Publicaba ayer Jesús Lillo, en la «Guía de televisión» de este
periódico, un artículo sumamente lúcido, titulado La cantera, en el que
iluminaba con una luz no usada el fenómeno de la televisión basura. En lugar de
conformarse con la diatriba al uso, aportaba un dato mucho más pavoroso que los
meros índices de audiencia que sostienen esta inmundicia: «Cada año, alrededor
de ciento treinta mil jóvenes, algunos con la mayoría de edad recién estrenada,
sienten ...
Publicaba ayer Jesús Lillo, en la «Guía de televisión» de este
periódico, un artículo sumamente lúcido, titulado La cantera, en el que
iluminaba con una luz no usada el fenómeno de la televisión basura. En lugar de
conformarse con la diatriba al uso, aportaba un dato mucho más pavoroso que los
meros índices de audiencia que sostienen esta inmundicia: «Cada año, alrededor
de ciento treinta mil jóvenes, algunos con la mayoría de edad recién estrenada,
sienten la llamada de la fama y se presentan al programa más emblemático del
realismo televisivo, «Gran Hermano»». Ciento treinta mil jóvenes que tienen
-prosigue Lillo, con sarcasmo- «los ojos puestos en la tele como futuro
profesional, de la misma manera que muchos otros muchos españoles, quizá no
tantos, se preparan cada otoño para opositar en las pruebas de los cuerpos
funcionariales que publica el Boletín Oficial del Estado». No sabemos si esa
cantidad se renueva cada año o si, por el contrario, se abastece de los mismos
jóvenes recalcitrantes; pero aceptando que el imperativo cronológico impondrá
un paulatino refresco de los aspirantes, y considerando que en la estela «Gran
Hermano» ha surgido una caterva de programas consanguíneos, no sería
descabellado afirmar que en nuestro país existen varios cientos de miles de
jóvenes que aspiran a ingresar en esa cofradía de homínidos que intercambian
flujos y exabruptos ante las cámaras.
¿De dónde surge esta juventud dispuesta a arrojar sus mejores años al
cubo de la basura y, de paso, a convertirse en breve en juguetes rotos sin
oficio ni beneficio? Quienes denuestan la plaga de programas casposos que
infesta nuestra televisión suelen concederles la condición de causa primigenia
de muchas de las calamidades que afligen nuestra sociedad; y, un tanto
ilusamente, piensan que su desalojo de la programación extinguiría los miasmas
de una podredumbre que nos abochorna. Muerto el perro se acabaría la rabia,
parecen predicar los analistas del fenómeno. Pero lo cierto es que la
televisión basura no es la causa primigenia de muchos males sociales, sino su
corolario natural. Detrás de la chabacanería que se enseñorea de dichos
programas existe una subversión de valores (quizá enquistada ya en el
subconsciente popular) que niega el esfuerzo y la laboriosidad como medios de
triunfo y ascenso social (o como meras exigencias de una existencia digna) y
entroniza en su lugar un desprestigio del mérito, un regodeo en los bajos
instintos y en la mediocridad satisfecha de sí misma. Esos cientos de miles de
jóvenes que anualmente se preparan para ingresar como concursantes de programas
que retratan sin filtros embellecedores la tristeza de la carne y la vacuidad
del espíritu ni siquiera están acuciados por la miseria o la marginación; a
diferencia de aquellos muletillas de antaño que se exponían a la embestida del
toro porque «más cornás da el hambre», los postulantes de «Gran Hermano»

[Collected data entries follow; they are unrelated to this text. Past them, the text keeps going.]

Lemma sda_factor_double X Y E F Phi P :
  1%:M - X *m Y \in unitmx -> 1%:M - Y *m X \in unitmx ->
  sda_factor X Y E F Phi P ->
  sda_factor (doubleX X Y E F) (doubleX Y X F E) (doubleE X Y E) (doubleE Y X F)
             Phi (P *m P).
Proof.
by move=> hXY hYX hf; split; [apply: doubleE_factor | apply: doubleX_factor].
Qed.

(* X - Phi = F (-Phi) P, and F = (1 - X Psi) Q <= Q. *)
Lemma sda_factor_bound X F Phi Psi P Q :
  mxnonneg (- X) -> mxnonneg F -> mxnonneg (- Phi) -> mxnonneg P ->
  mxnonneg (- (Psi *m Q)) -> X = Phi - F *m Phi *m P -> F = (1%:M - X *m Psi) *m Q ->
  mxnonneg (X - Phi) /\ mxle (X - Phi) (Q *m (- Phi) *m P).
Proof.
move=> hX hF hPhi hP hQ eX eF.
have e1 : X - Phi = F *m (- Phi) *m P.
  by rewrite {1}eX addrAC subrr add0r mulmxN mulNmx.
split; first by rewrite e1; do 2!apply: mxnonneg_mul => //.
apply: mxle_subr; rewrite e1 -!mulmxBl.
have -> : Q - F = (- X) *m (- (Psi *m Q)).
  by rewrite eF mulmxBl mul1mx opprB addrC subrK mulNmx mulmxN opprK mulmxA.
by do 3!apply: mxnonneg_mul => //.
Qed.

End Factorization.

Section SdaIteration.
Variables (R : rcfType) (n : nat) (B C : 'M[R]_n).

Local Notation X k := (sdaX B C k).
Local Notation Y k := (sdaY B C k).
Local Notation E k := (sdaE B C k).
Local Notation F k := (sdaF B C k).

Lemma sdaXS k : X k.+1 = doubleX (X k) (Y k) (E k) (F k).
Proof. by rewrite /sdaX /sdaY /sdaE /sdaF /=; case: sda => [[[]]]. Qed.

encarnan la avanzadilla, especialmente desvergonzada si se quiere, de una
sociedad que se pavonea de su vulgaridad, hija de un igualitarismo que desdeña
la excelencia y brinda la gloria (o sus sucedáneos más efímeros) a quienes
exhiben inescrupulosamente su ignorancia cetrina, su risueña amoralidad, su
desdén chulesco hacia todo lo que huela a virtud en el sentido originario de la
palabra. La televisión, a la postre, se limita a premiar lo que la sociedad
previamente ha entronizado.
Detrás del fenómeno de la televisión basura se agazapa, en fin, una
perversión de la democracia que halla en esos cientos de miles de jóvenes que
se disputan una fama catódica una infantería voluntariosa y desinhibida.
Aquella rebelión de las masas que anticipara Ortega ha alcanzado, al fin, su
apoteosis más sombría.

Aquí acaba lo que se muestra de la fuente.